» **BRIEF**
In the entries below, find every line with the string "simpl" and copy it.
(DATA UNDER STUDY Opens)
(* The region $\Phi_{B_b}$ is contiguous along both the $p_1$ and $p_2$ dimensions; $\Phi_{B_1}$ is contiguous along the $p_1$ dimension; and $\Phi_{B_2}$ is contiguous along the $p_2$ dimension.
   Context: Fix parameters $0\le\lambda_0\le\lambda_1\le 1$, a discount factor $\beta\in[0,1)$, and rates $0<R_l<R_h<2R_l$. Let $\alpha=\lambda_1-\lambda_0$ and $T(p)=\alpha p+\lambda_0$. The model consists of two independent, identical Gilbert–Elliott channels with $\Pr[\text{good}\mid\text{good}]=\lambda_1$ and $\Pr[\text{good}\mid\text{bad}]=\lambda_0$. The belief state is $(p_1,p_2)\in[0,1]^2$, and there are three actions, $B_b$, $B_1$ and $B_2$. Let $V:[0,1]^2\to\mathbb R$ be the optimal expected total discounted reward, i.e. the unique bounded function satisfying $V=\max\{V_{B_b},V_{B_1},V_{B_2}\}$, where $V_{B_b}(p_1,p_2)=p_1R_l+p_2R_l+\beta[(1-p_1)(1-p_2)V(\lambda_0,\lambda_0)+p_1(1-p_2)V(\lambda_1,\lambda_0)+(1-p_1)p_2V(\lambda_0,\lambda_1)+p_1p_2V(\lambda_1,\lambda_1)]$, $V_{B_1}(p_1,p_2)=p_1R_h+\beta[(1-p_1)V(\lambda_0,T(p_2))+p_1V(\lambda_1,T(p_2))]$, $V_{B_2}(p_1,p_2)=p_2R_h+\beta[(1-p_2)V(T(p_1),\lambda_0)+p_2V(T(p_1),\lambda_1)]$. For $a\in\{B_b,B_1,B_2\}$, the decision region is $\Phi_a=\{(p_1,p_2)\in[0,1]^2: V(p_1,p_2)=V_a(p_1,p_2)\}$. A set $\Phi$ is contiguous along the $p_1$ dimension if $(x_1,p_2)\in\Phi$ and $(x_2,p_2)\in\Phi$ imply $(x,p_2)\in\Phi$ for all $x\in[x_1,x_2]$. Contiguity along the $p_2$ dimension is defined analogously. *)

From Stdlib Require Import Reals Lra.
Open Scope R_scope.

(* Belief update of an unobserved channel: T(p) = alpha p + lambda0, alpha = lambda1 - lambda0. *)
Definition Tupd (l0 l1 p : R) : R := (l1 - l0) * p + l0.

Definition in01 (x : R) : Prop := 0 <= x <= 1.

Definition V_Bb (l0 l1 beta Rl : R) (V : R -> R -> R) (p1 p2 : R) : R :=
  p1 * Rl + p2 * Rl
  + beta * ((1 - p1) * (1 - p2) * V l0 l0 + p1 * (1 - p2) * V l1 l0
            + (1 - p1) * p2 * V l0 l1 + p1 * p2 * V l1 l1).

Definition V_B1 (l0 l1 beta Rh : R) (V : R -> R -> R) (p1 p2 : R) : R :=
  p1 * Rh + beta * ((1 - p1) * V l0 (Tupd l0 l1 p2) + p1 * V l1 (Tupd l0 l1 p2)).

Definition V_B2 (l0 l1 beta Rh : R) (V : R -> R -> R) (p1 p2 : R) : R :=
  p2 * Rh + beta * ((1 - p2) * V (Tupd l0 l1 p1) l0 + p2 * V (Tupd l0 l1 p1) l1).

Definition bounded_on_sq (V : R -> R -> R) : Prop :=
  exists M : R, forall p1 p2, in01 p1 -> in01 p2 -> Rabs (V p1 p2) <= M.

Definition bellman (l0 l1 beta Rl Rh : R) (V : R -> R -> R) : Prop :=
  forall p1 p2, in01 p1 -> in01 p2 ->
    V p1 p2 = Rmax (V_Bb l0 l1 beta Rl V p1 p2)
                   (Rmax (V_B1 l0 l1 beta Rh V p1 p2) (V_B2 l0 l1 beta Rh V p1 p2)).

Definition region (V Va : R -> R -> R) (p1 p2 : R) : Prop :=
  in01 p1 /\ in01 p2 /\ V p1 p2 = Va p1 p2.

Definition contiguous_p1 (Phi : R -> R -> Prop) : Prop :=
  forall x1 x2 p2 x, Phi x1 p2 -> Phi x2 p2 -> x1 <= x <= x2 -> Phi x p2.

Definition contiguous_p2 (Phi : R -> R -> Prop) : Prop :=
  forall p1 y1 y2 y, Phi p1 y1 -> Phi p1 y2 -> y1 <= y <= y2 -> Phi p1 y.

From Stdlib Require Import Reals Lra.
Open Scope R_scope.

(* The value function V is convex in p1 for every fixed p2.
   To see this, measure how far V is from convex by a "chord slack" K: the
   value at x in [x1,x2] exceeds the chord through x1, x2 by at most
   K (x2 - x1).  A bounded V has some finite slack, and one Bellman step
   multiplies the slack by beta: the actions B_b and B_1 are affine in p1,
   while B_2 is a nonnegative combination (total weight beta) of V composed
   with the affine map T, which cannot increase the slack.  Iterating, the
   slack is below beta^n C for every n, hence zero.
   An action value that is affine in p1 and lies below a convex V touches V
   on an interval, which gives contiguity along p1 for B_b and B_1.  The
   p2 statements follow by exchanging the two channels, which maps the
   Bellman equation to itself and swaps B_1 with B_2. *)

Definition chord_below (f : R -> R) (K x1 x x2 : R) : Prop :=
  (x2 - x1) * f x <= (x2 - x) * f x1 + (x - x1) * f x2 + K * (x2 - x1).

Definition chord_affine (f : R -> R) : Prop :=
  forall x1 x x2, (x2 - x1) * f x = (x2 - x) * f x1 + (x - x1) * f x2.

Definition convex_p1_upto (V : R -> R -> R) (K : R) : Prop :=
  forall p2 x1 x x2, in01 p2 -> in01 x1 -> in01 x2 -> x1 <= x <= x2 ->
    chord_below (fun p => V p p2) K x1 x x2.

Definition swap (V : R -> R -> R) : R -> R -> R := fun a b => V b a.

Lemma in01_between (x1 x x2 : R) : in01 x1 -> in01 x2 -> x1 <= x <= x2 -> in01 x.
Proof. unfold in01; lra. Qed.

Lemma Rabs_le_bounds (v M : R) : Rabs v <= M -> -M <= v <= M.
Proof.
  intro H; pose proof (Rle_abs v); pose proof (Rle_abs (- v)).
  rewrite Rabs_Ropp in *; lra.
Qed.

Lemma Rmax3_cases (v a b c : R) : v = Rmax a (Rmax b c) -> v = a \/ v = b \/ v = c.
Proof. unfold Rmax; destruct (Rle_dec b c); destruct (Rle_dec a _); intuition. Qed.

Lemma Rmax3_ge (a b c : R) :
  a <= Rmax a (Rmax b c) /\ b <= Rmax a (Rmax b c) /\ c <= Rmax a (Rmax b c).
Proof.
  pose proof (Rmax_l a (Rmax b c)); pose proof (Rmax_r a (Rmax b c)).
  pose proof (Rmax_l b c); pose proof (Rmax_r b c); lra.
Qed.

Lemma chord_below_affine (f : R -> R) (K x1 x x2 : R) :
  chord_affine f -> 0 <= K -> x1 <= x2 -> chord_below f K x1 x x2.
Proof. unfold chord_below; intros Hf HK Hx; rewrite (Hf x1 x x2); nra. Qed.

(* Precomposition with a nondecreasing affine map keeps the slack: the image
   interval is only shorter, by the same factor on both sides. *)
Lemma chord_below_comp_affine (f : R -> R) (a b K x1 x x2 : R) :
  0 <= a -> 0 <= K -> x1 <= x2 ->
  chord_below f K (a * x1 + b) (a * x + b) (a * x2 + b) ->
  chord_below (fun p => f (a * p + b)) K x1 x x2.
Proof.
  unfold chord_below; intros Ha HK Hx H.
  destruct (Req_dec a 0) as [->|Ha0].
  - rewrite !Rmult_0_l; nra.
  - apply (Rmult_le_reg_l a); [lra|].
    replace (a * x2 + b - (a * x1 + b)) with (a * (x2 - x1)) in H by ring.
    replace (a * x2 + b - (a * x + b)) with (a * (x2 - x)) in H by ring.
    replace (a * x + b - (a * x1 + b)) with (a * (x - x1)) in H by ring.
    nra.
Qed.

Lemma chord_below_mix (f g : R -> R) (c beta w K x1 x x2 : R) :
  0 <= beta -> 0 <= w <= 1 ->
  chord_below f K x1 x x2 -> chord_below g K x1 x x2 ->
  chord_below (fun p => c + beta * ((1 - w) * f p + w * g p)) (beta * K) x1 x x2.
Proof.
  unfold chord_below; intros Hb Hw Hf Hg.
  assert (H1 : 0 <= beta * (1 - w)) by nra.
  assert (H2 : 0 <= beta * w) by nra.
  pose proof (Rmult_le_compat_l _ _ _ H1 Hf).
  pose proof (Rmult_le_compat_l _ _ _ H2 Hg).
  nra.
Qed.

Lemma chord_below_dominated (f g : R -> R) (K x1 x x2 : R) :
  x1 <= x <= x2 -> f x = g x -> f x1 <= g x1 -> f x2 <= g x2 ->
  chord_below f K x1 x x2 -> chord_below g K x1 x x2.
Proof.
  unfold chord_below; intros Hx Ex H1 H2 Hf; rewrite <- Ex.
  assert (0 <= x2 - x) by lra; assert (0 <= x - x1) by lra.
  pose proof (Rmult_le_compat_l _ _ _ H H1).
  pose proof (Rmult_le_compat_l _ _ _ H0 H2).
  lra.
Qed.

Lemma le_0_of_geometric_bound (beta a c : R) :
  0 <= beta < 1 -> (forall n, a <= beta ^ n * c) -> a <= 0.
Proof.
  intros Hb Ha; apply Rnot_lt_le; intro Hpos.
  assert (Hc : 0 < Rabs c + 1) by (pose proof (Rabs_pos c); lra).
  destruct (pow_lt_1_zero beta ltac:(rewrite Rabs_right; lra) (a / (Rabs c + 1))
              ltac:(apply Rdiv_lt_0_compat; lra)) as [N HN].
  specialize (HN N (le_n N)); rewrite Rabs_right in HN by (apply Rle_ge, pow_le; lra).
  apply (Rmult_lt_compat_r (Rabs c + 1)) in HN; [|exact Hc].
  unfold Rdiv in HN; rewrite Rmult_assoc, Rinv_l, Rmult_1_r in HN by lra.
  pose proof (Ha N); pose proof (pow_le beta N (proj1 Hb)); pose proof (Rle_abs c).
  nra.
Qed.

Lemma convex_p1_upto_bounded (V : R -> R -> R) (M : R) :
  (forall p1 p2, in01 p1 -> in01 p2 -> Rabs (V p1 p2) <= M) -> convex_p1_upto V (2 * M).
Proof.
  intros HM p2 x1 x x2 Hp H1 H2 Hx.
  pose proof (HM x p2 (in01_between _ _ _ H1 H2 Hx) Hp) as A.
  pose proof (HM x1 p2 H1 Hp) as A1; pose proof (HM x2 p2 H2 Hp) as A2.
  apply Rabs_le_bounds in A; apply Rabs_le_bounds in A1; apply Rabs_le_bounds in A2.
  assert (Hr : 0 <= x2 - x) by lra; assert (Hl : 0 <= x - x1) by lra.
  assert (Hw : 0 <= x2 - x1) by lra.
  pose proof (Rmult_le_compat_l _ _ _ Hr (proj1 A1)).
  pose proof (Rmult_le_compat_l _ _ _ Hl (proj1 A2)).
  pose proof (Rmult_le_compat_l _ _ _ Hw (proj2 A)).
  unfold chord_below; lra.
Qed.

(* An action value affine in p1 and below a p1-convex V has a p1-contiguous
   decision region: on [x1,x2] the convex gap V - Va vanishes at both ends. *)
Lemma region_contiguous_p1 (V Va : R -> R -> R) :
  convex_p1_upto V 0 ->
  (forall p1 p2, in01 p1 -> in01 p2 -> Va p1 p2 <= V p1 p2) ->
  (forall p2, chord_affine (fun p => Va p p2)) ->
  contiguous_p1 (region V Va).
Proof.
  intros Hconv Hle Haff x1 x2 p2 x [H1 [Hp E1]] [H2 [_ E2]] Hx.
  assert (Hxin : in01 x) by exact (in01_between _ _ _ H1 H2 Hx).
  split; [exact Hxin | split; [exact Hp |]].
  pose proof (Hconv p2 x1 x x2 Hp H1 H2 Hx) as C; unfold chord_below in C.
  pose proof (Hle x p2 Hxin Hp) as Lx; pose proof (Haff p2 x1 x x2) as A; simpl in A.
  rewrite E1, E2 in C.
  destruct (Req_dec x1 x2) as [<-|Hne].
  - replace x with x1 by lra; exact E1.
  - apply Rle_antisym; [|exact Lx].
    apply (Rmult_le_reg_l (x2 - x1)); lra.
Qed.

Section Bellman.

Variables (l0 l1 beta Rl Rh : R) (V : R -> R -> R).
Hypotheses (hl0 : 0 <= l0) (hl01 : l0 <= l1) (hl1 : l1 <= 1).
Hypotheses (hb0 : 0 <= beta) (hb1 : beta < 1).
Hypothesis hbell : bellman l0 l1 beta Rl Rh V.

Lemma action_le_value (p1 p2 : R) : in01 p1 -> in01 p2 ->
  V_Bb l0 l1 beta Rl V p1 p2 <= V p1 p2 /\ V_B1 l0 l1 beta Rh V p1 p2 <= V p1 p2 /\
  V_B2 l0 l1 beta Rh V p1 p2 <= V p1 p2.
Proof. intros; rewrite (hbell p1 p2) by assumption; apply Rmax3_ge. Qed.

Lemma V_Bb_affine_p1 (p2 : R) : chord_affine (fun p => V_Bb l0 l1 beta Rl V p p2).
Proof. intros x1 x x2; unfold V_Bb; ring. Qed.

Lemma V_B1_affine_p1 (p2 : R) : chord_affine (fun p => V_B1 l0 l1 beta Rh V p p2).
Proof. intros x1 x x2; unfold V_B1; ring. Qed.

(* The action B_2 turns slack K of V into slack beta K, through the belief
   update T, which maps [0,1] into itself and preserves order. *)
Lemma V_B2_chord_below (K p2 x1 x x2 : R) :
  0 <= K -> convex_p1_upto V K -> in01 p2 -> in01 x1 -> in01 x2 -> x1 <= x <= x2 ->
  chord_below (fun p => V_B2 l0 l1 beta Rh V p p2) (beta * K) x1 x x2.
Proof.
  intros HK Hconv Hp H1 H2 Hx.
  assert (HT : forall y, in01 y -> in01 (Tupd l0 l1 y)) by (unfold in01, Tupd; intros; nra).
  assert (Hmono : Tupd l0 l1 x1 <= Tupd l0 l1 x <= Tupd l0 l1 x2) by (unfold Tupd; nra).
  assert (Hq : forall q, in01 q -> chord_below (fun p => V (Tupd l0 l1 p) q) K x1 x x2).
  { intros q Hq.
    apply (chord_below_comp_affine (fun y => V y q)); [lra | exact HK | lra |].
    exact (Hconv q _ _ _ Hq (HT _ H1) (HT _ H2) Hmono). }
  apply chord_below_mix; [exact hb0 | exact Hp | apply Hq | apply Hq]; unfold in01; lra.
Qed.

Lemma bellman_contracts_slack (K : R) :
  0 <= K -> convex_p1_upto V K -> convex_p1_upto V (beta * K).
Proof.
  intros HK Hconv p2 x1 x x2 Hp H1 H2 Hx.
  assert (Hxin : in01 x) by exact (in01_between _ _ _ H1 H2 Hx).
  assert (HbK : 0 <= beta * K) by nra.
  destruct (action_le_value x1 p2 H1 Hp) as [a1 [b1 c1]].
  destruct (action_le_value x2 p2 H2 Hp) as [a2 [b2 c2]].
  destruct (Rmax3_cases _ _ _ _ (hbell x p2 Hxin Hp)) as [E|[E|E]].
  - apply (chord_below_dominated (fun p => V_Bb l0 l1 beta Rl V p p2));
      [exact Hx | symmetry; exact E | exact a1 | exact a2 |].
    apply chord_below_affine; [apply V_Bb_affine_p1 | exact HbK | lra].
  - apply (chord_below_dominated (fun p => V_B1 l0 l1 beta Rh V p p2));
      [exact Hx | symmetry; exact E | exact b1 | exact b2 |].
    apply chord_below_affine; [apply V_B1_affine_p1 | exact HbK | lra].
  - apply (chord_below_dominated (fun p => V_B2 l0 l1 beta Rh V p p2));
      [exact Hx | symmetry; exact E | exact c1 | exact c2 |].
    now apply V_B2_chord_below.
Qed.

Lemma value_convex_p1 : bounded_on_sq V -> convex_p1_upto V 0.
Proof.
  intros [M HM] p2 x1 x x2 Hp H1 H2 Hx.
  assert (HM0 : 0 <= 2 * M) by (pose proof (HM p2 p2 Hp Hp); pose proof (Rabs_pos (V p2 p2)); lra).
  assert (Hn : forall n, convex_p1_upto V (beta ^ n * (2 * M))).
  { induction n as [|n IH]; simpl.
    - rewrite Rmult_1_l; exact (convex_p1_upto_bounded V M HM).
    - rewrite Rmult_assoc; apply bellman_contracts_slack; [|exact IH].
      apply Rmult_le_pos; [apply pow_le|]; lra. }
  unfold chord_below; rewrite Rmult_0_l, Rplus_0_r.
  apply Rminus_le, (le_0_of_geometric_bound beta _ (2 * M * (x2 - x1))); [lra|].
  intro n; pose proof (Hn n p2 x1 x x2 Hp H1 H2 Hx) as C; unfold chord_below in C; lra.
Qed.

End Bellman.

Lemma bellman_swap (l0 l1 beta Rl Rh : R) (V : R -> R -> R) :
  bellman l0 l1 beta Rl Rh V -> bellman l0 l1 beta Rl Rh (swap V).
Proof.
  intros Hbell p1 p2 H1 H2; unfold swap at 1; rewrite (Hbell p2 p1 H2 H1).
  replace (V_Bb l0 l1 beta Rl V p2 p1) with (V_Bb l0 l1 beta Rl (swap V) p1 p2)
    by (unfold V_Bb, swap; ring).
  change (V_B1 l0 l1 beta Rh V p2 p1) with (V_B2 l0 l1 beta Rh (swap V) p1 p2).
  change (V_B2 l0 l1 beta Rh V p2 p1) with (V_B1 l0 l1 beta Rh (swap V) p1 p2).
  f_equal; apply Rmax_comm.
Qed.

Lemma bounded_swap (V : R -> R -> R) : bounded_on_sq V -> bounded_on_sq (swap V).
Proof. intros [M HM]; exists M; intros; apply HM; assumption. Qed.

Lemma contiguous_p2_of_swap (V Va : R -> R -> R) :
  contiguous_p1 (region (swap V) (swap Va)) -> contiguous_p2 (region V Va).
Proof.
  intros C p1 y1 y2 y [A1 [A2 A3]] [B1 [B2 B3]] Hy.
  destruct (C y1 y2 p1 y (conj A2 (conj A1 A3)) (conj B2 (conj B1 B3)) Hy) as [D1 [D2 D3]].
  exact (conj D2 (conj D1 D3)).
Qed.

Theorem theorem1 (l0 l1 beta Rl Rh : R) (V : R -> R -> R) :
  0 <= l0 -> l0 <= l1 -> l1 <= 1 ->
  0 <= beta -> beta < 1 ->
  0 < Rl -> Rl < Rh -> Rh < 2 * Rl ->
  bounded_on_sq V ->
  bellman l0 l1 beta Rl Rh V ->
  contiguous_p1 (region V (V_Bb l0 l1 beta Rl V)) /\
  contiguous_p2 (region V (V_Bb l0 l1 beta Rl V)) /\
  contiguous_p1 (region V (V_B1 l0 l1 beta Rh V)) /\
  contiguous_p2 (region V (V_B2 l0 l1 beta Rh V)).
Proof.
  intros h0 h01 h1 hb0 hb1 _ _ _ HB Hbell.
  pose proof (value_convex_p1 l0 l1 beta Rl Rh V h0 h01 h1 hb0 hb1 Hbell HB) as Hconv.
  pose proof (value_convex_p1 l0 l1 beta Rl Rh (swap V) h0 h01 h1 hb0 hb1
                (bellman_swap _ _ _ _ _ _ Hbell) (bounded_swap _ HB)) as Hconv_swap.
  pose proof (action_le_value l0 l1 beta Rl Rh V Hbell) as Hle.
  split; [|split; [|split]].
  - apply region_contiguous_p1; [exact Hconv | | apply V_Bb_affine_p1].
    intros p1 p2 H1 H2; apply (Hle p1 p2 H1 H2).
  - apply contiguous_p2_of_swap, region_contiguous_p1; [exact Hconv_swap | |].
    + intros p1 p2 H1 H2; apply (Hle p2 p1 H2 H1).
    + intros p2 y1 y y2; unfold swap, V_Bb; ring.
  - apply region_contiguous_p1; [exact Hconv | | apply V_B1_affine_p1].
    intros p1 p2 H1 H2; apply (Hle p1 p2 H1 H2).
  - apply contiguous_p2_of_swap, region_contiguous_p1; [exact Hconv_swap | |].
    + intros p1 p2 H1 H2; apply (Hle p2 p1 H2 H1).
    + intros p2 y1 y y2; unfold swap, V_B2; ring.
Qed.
(DATA UNDER STUDY Closes)
» **RESPONSE TO THE EXERCISE**
  pose proof (Hle x p2 Hxin Hp) as Lx; pose proof (Haff p2 x1 x x2) as A; simpl in A.
  { induction n as [|n IH]; simpl.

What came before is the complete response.